Потом пили за Грецию, за Ермолова, за Жуковского, за Рылеева…
Устав от шума, Рылеев вышел из зала в маленькую гостиную, где для желающих были приготовлены трубки.
В гостиной на диванчике сидел Николай Иванович Тургенев.
Их познакомили еще год назад в Обществе любителей российской словесности, куда Тургенев иногда, очень редко, заходил. «Весьма рад», — с подчеркнуто учтивой и холодной улыбкой, как бы сразу ставя между собою и Рылеевым границу, которую он не намерен переступать при знакомстве, сказал тогда Тургенев. Рылеев сразу узнал в нем того прихрамывающего молодого человека, чей разговор он невольно подслушал в пятнадцатом году в саду Тюльери и который произвел на него такое сильное впечатление. Потом они случайно встречались еще несколько раз и только раскланивались, разговора не получалось.

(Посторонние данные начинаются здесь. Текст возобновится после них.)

Lemma op_unit_itv {s t} : unit_itv s -> unit_itv t -> unit_itv (op s t).
Proof.
move=> /andP[s0 se] /andP[t0 te]; rewrite /unit_itv /= op_ge0 //=.
by rewrite -[X in _ <= X](op_el e_ge0) le_op.
Qed.

Lemma op_le_r {s t} : unit_itv s -> 0 <= t -> op s t <= t.
Proof. by move=> /andP[s0 se] t0; rewrite -[X in _ <= X](op_el t0) le_opl. Qed.

Lemma commutative_non_degenerate :
  (forall s t, unit_itv s -> unit_itv t -> op s t = op t s) ->
  non_degenerate op e.
Proof.
move=> opC; apply/eqP; rewrite eq_le; apply/andP; split; last first.
  by apply: le_ereal_inf_tmp => _ [s /ltW s0 <-]; exact: op_ge0 s0 e_ge0.
rewrite leNgt; apply/negP => O_gt0.
have [z /andP[z0 zm]] : exists z, 0 < z < Order.min (O_inf op e) e.
  by apply: ereal_dense; rewrite lt_min O_gt0 e_gt0.
move: zm; rewrite lt_min => /andP[zO ze].
have zI : unit_itv z by rewrite /unit_itv /= ltW // ltW.
have : O_inf op e <= op z e by apply: ereal_inf_lbound; exists z.
by rewrite opC ?op_el ?(ltW z0) ?leNgt ?zO //; exact: unit_itve.
Qed.

Lemma unit_itv_cases {s} : unit_itv s ->
  [\/ s = 0, s = +oo /\ e = +oo | 0 < s < +oo].
Proof.
move=> /andP[s0 se]; have [->|s_neq0] := eqVneq s 0; first exact: Or31.
have [s_oo|s_neqoo] := eqVneq s +oo.
  by apply: Or32; split => //; apply/eqP; rewrite eq_le leey -s_oo.
by apply: Or33; rewrite lt_neqAle eq_sym s_neq0 s0 ltey.
Qed.

Lemma image_op0l S : S !=set0 -> S `<=` unit_itv -> op 0 @` S = [set 0].
Proof.
move=> S0 SI; transitivity [set (0 : \bar R) | _ in S].
  by apply: eq_imagel => s /SI /unit_itv_ge0 /op0l.
by move/set0P/negPf: S0 => S0; rewrite set_cst S0.
Qed.

Lemma image_op_el S : S `<=` unit_itv -> op e @` S = S.
Proof.
by move=> SI; rewrite -[RHS]image_id; apply: eq_imagel => s /SI /unit_itv_ge0 /op_el.
Qed.

Lemma op_sup_r {s} : unit_itv s -> preserves_ereal_sup (op s) unit_itv.
Proof.
move=> sI S S0 SI; have supI : unit_itv (ereal_sup S) := ereal_sup_itv S0 SI.
case: (unit_itv_cases sI) => [->|[-> <-]|s_fin].
- by rewrite image_op0l // ereal_sup1 op0l // unit_itv_ge0.
- by rewrite image_op_el // op_el // unit_itv_ge0.
apply: (continuous_nondecreasing_ereal_sup (op_continuous_r s_fin)) => //.
- by move=> u v u0 v0; apply: le_opr => //; case/andP: s_fin => /ltW.
- by move=> z /SI /unit_itv_ge0.
- exact: unit_itv_ge0.
Qed.

Lemma op_inf_r {s} : unit_itv s -> preserves_ereal_inf (op s) unit_itv.
Proof.
move=> sI S S0 SI; have infI : unit_itv (ereal_inf S) := ereal_inf_itv S0 SI.
case: (unit_itv_cases sI) => [->|[-> <-]|s_fin].
- by rewrite image_op0l // ereal_inf1 op0l // unit_itv_ge0.
- by rewrite image_op_el // op_el // unit_itv_ge0.
apply: (continuous_nondecreasing_ereal_inf (op_continuous_r s_fin)) => //.
- by move=> u v u0 v0; apply: le_opr => //; case/andP: s_fin => /ltW.
- by move=> z /SI /unit_itv_ge0.
- exact: unit_itv_ge0.
Qed.

Lemma op_sup_l {t} : unit_itv t -> preserves_ereal_sup (op^~ t) unit_itv.
Proof.
move=> tI S S0 SI; have t0 := unit_itv_ge0 tI.
have [[s1 Ss1 s1_gt0]|S_npos] := pselect (exists2 s, S s & 0 < s); last first.
  have S_eq0 s : S s -> s = 0.
    move=> Ss; apply/eqP; rewrite eq_le (unit_itv_ge0 (SI _ Ss)) andbT leNgt.
    by apply/negP => s_gt0; apply: S_npos; exists s.
  have -> : S = [set 0].
    apply/seteqP; split => [s /S_eq0 //|_ ->].
    by case: S0 => s Ss; rewrite -(S_eq0 _ Ss).
  by rewrite image_set1 !ereal_sup1.
(* Continuity in [s] is only known on (0, oo]; zeros of [S] affect neither sup. *)
pose T := S `&` [set s | 0 < s].
have cofT s : S s -> exists2 u, T u & s <= u.
  move=> Ss; have [s_gt0|] := ltP 0 s; first by exists s.
  by move=> s_le0; exists s1 => //; apply: le_trans s_le0 (ltW s1_gt0).
rewrite (ereal_sup_cofinal (@subIsetl _ S _) cofT).
rewrite (ereal_sup_cofinal (image_subset (op^~ t) (@subIsetl _ S [set s | 0 < s]))); last first.
  move=> _ [s Ss <-]; have [u Tu su] := cofT s Ss.
  by exists (op u t); [exists u | apply: le_opl => //; apply/unit_itv_ge0/SI].
apply: (continuous_nondecreasing_ereal_sup (op_continuous_l t0)).
- by move=> u v /ltW u0 _ uv; apply: le_opl.
- by move=> s [].
- by exists s1.
- exact: lt_le_trans s1_gt0 (ereal_sup_ubound (conj Ss1 s1_gt0)).
Qed.

Lemma sub_unit_itv {a b} : 0 <= a -> b <= e -> [set z | a <= z <= b] `<=` unit_itv.
Proof.
by move=> a0 be z /andP[az zb]; rewrite /unit_itv /= (le_trans a0 az) (le_trans zb be).
Qed.

Lemma op_inf_l_gt0 {t S} : 0 <= t -> S !=set0 -> 0 < ereal_inf S ->
  op (ereal_inf S) t = ereal_inf ((op^~ t) @` S).
Proof.
move=> t0 S0 inf_gt0; apply: (continuous_nondecreasing_ereal_inf (op_continuous_l t0)) => //.
- by move=> u v /ltW u0 _ uv; apply: le_opl.
- by move=> s Ss; apply: lt_le_trans inf_gt0 (ereal_inf_lbound Ss).
Qed.

(* [opX w n] is the (n+1)-st power of [w]. *)
Fixpoint opX w n := if n is k.+1 then op (opX w k) w else w.

Lemma opX_unit_itv {w} n : unit_itv w -> unit_itv (opX w n).
Proof. by move=> wI; elim: n => //= n IH; apply: op_unit_itv. Qed.

Lemma le_opX {v w} n : unit_itv v -> unit_itv w -> v <= w -> opX v n <= opX w n.
Proof.
move=> vI wI vw; elim: n => //= n IH.
by apply: le_op => //; apply: unit_itv_ge0 => //; apply: opX_unit_itv.
Qed.

Lemma opXD {w} k n : unit_itv w -> op (opX w k) (opX w n) = opX w (k + n).+1.
Proof.
move=> wI; elim: n => [|n IH] /=; first by rewrite addn0.
by rewrite -opA ?IH ?addnS //; apply: unit_itv_ge0 => //; apply: opX_unit_itv.
Qed.

Lemma opX_e n : opX e n = e.
Proof. by elim: n => //= n ->; rewrite op_el // e_ge0. Qed.

Section non_degenerate.
Hypothesis nd : non_degenerate op e.

Lemma op_e_r {y} : unit_itv y -> op y e = y.
Proof.
move=> yI; have [->|y_neq0] := eqVneq y 0; first exact: op0l e_ge0.
have y_gt0 : 0 < y by rewrite lt_neqAle eq_sym y_neq0 unit_itv_ge0.
have [_ [z /= z_gt0 <-] zy] : exists2 u, [set op s e | s in [set s | 0 < s]] u & u < y.
  by apply: ereal_inf_lt; move: nd; rewrite /non_degenerate /O_inf => ->.
have ze : z <= e.
  rewrite leNgt; apply/negP => ez.
  have := le_opl e_ge0 (ltW ez) e_ge0; rewrite op_el ?e_ge0 // => /le_lt_trans/(_ zy).
  by rewrite ltNge unit_itv_le.
have sup_e : preserves_ereal_sup (op^~ e) [set u | z <= u <= e].
  exact: sub_preserves_ereal_sup (sub_unit_itv (ltW z_gt0) (lexx e)) (op_sup_l unit_itve).
have inf_e : preserves_ereal_inf (op^~ e) [set u | z <= u <= e].
  move=> S S0 SI; apply: op_inf_l_gt0 e_ge0 S0 (lt_le_trans z_gt0 _).
  by apply: le_ereal_inf_tmp => u /SI /andP[].
have y_between : op z e <= y <= op e e by rewrite (ltW zy) op_el ?e_ge0 ?unit_itv_le.
have [w /andP[zw _] <-] := ereal_ivt (op^~ e) ze sup_e inf_e y_between.
by rewrite /= opA ?op_el ?e_ge0 // (le_trans (ltW z_gt0) zw).
Qed.

Lemma op_le_l {s t} : unit_itv s -> unit_itv t -> op s t <= s.
Proof.
move=> sI /andP[t0 te]; rewrite -[X in _ <= X](op_e_r sI).
by apply: le_opr => //; exact: unit_itv_ge0.
Qed.

Lemma op_inf_l {t} : unit_itv t -> preserves_ereal_inf (op^~ t) unit_itv.
Proof.
move=> tI S S0 SI; have t0 := unit_itv_ge0 tI.
have [inf_gt0|inf_le0] := ltP 0 (ereal_inf S); first exact: op_inf_l_gt0.
have inf0 : ereal_inf S = 0.
  by apply/eqP; rewrite eq_le inf_le0 (unit_itv_ge0 (ereal_inf_itv S0 SI)).
rewrite inf0 op0l //; apply/eqP; rewrite eq_le; apply/andP; split.
  by apply: le_ereal_inf_tmp => _ [s /SI/unit_itv_ge0 s0 <-]; apply: op_ge0.
rewrite -inf0; apply: le_ereal_inf_tmp => s Ss.
by apply: le_trans (op_le_l (SI _ Ss) tI); apply: ereal_inf_lbound; exists s.
Qed.

Lemma opX_le {w} n : unit_itv w -> opX w n <= w.
Proof.
move=> wI; elim: n => //= n IH.
exact: le_trans (op_le_l (opX_unit_itv n wI) wI) IH.
Qed.

Lemma opX_sup n : preserves_ereal_sup (opX^~ n) unit_itv.
Proof.
move=> S S0 SI; have supI := ereal_sup_itv S0 SI.
elim: n => [|n IH] /=; first by rewrite image_id.
apply/eqP; rewrite eq_le; apply/andP; split; last first.
  apply: ge_ereal_sup => _ [s Ss <-].
  exact: (le_opX n.+1 (SI _ Ss) supI (ereal_sup_ubound Ss)).
have SnI : (opX^~ n) @` S `<=` unit_itv by move=> _ [s /SI sI <-]; apply: opX_unit_itv.
rewrite (op_sup_r (opX_unit_itv n supI)) //; apply: ge_ereal_sup => _ [s' Ss' <-].
rewrite IH (op_sup_l (SI _ Ss')) //; last exact: image_nonempty.
apply: ge_ereal_sup => _ [_ [s Ss <-] <-].
have [m Sm [sm s'm]] : exists2 m, S m & s <= m /\ s' <= m.
  by have [ss'|/ltW s's] := leP s s'; [exists s' | exists s].
apply: le_ereal_sup_tmp; exists (opX m n.+1); first by exists m.
have [sI mI] := (SI _ Ss, SI _ Sm).
apply: le_op (le_opX n sI mI sm) _ s'm; apply: unit_itv_ge0; last exact: SI.
exact: opX_unit_itv.
Qed.

Lemma opX_inf n : preserves_ereal_inf (opX^~ n) unit_itv.
Proof.
move=> S S0 SI; have infI := ereal_inf_itv S0 SI.
elim: n => [|n IH] /=; first by rewrite image_id.
apply/eqP; rewrite eq_le; apply/andP; split.
  apply: le_ereal_inf_tmp => _ [s Ss <-].
  exact: (le_opX n.+1 infI (SI _ Ss) (ereal_inf_lbound Ss)).
have SnI : (opX^~ n) @` S `<=` unit_itv by move=> _ [s /SI sI <-]; apply: opX_unit_itv.
rewrite (op_inf_r (opX_unit_itv n infI)) //; apply: le_ereal_inf_tmp => _ [s' Ss' <-].
rewrite IH (op_inf_l (SI _ Ss')) //; last exact: image_nonempty.
apply: le_ereal_inf_tmp => _ [_ [s Ss <-] <-].
have [m Sm [ms ms']] : exists2 m, S m & m <= s /\ m <= s'.
  by have [ss'|/ltW s's] := leP s s'; [exists s | exists s'].
apply: ge_ereal_inf; exists (opX m n.+1); first by exists m.
have [sI mI] := (SI _ Ss, SI _ Sm).
apply: le_op (le_opX n mI sI ms) _ ms'; apply: unit_itv_ge0; last exact: SI.
exact: opX_unit_itv.
Qed.

Lemma opX_root x n : unit_itv x -> exists2 w, unit_itv w & opX w n = x.
Proof.
move=> xI; have sub := sub_unit_itv (unit_itv_ge0 xI) (lexx e).
have x_between : opX x n <= x <= opX e n by rewrite opX_le // opX_e unit_itv_le.
have [w wxe <-] := ereal_ivt (opX^~ n) (unit_itv_le xI)
  (sub_preserves_ereal_sup sub (opX_sup n)) (sub_preserves_ereal_inf sub (opX_inf n))
  x_between.
by exists w => //; apply: sub.
Qed.

Section idempotent.
Context {p : \bar R} (pI : unit_itv p) (pp : op p p = p).

Lemma idem_absorb_le {u} : u <= p -> unit_itv u -> op p u = u /\ op u p = u.
Proof.
move=> up uI; have [p0 u0] := (unit_itv_ge0 pI, unit_itv_ge0 uI).
have sub := sub_unit_itv (lexx 0) (unit_itv_le pI).
have u_betweenl : op p 0 <= u <= op p p by rewrite op0r // pp u0 up.
have u_betweenr : op 0 p <= u <= op p p by rewrite op0l // pp u0 up.
have [w /andP[w0 _] wu] := ereal_ivt (op p) p0 (sub_preserves_ereal_sup sub (op_sup_r pI))
  (sub_preserves_ereal_inf sub (op_inf_r pI)) u_betweenl.
have [v /andP[v0 _] vu] := ereal_ivt (op^~ p) p0 (sub_preserves_ereal_sup sub (op_sup_l pI))
  (sub_preserves_ereal_inf sub (op_inf_l pI)) u_betweenr.
by split; [rewrite -wu -opA ?pp | rewrite -vu opA ?pp].
Qed.

Lemma idem_absorb_ge {u} : p <= u -> unit_itv u -> op p u = p /\ op u p = p.
Proof.
move=> pu uI; have p0 := unit_itv_ge0 pI.
split; apply/eqP; rewrite eq_le; apply/andP; split.
- exact: op_le_l.
- by rewrite -[X in X <= _]pp; apply: le_opr.
- by rewrite -[X in _ <= X](op_el p0) le_opl ?unit_itv_ge0 ?unit_itv_le.
- by rewrite -[X in X <= _]pp; apply: le_opl.
Qed.

Lemma idem_commute {u} : unit_itv u -> op p u = op u p.
Proof.
move=> uI; have [up|/ltW pu] := leP u p.
  by have [-> ->] := idem_absorb_le up uI.
by have [-> ->] := idem_absorb_ge pu uI.
Qed.

Lemma commute_across_idem {x y} : unit_itv x -> unit_itv y -> x <= p -> p <= y ->
  op x y = op y x.
Proof.
move=> xI yI xp py; have [px xp'] := idem_absorb_le xp xI.
have [py' yp] := idem_absorb_ge py yI.
have [x0 y0] := (unit_itv_ge0 xI, unit_itv_ge0 yI); have p0 := unit_itv_ge0 pI.
transitivity x; first by rewrite -[in LHS]xp' opA // py' xp'.
by rewrite -[in RHS]px -opA // yp px.
Qed.

End idempotent.

Lemma ereal_inf_opX_idem {c} : unit_itv c ->
  let q := ereal_inf (range (opX c)) in op q q = q.
Proof.
move=> cI q; have cXI : range (opX c) `<=` unit_itv.
  by move=> _ [k _ <-]; exact: opX_unit_itv.
have cX0 : range (opX c) !=set0 by exists c, 0%N.
have qI : unit_itv q := ereal_inf_itv cX0 cXI.
apply/eqP; rewrite eq_le op_le_l //= {2}/q (op_inf_l qI) //.
apply: le_ereal_inf_tmp => _ [_ [k _ <-] <-].
rewrite /q (op_inf_r (opX_unit_itv k cI)) //.
apply: le_ereal_inf_tmp => _ [_ [j _ <-] <-].
by rewrite opXD //; apply: ereal_inf_lbound; exists (k + j).+1.
Qed.

Definition centralizer x : set (\bar R) := [set z | unit_itv z /\ op x z = op z x].

Lemma centralizer_sup {x S} : unit_itv x -> S !=set0 -> S `<=` centralizer x ->
  centralizer x (ereal_sup S).
Proof.
move=> xI S0 SD; have SI : S `<=` unit_itv by move=> z /SD[].
split; first exact: ereal_sup_itv.
by rewrite op_sup_r // op_sup_l //; congr ereal_sup; apply: eq_imagel => z /SD[].
Qed.

Lemma centralizer_inf {x S} : unit_itv x -> S !=set0 -> S `<=` centralizer x ->
  centralizer x (ereal_inf S).
Proof.
move=> xI S0 SD; have SI : S `<=` unit_itv by move=> z /SD[].
split; first exact: ereal_inf_itv.
by rewrite op_inf_r // op_inf_l //; congr ereal_inf; apply: eq_imagel => z /SD[].
Qed.

Lemma centralizer_opX {w} n k : unit_itv w -> centralizer (opX w n) (opX w k).
Proof. by move=> wI; split; [exact: opX_unit_itv | rewrite !opXD // addnC]. Qed.

Lemma centralizer_gap {x y} : unit_itv x -> unit_itv y -> ~ centralizer x y ->
  exists g h, [/\ centralizer x g, centralizer x h, g <= y, y < h &
    forall z, centralizer x z -> g < z -> h <= z].
Proof.
move=> xI yI Dy; have x0 := unit_itv_ge0 xI.
pose Sg := centralizer x `&` [set z | z <= y].
pose Sh := centralizer x `&` [set z | y <= z].
have Sg0 : Sg !=set0.
  by exists 0; split; [split; [exact: unit_itv0 | rewrite op0l ?op0r] | exact: unit_itv_ge0].
have Sh0 : Sh !=set0.
  by exists e; split; [split; [exact: unit_itve | rewrite op_el ?op_e_r] | exact: unit_itv_le].
have Dh : centralizer x (ereal_inf Sh) by apply: centralizer_inf => // z [].
exists (ereal_sup Sg), (ereal_inf Sh); split => //.
- by apply: centralizer_sup => // z [].
- by apply: ge_ereal_sup => z [].
- rewrite lt_neqAle le_ereal_inf_tmp ?andbT; last by move=> z [].
  by apply/eqP => yh; apply: Dy; rewrite yh.
move=> z Dz gz; have [zy|/ltW yz] := leP z y.
  by move: gz; rewrite ltNge ereal_sup_ubound.
exact: ereal_inf_lbound.
Qed.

Тургенев принадлежал к тому узкому кругу людей, которые находились и действовали в самых высоких государственных сферах. Он занимал должность помощника статс-секретаря Государственного совета и не менее важную должность в министерстве финансов, имел репутацию крупнейшего знатока государственного и финансового законодательства, составлял важнейшие правительственные документы, и именно ему три года назад было поручено написать для царя Записку по вопросу о крепостном праве в России и его реформе. Перед Тургеневым лежал верный путь к министерскому посту. Рылеев понимал, что ему, скорее всего, навсегда останется недоступным и чуждым этот мир, поэтому он тоже не делал никаких попыток к сближению с Тургеневым.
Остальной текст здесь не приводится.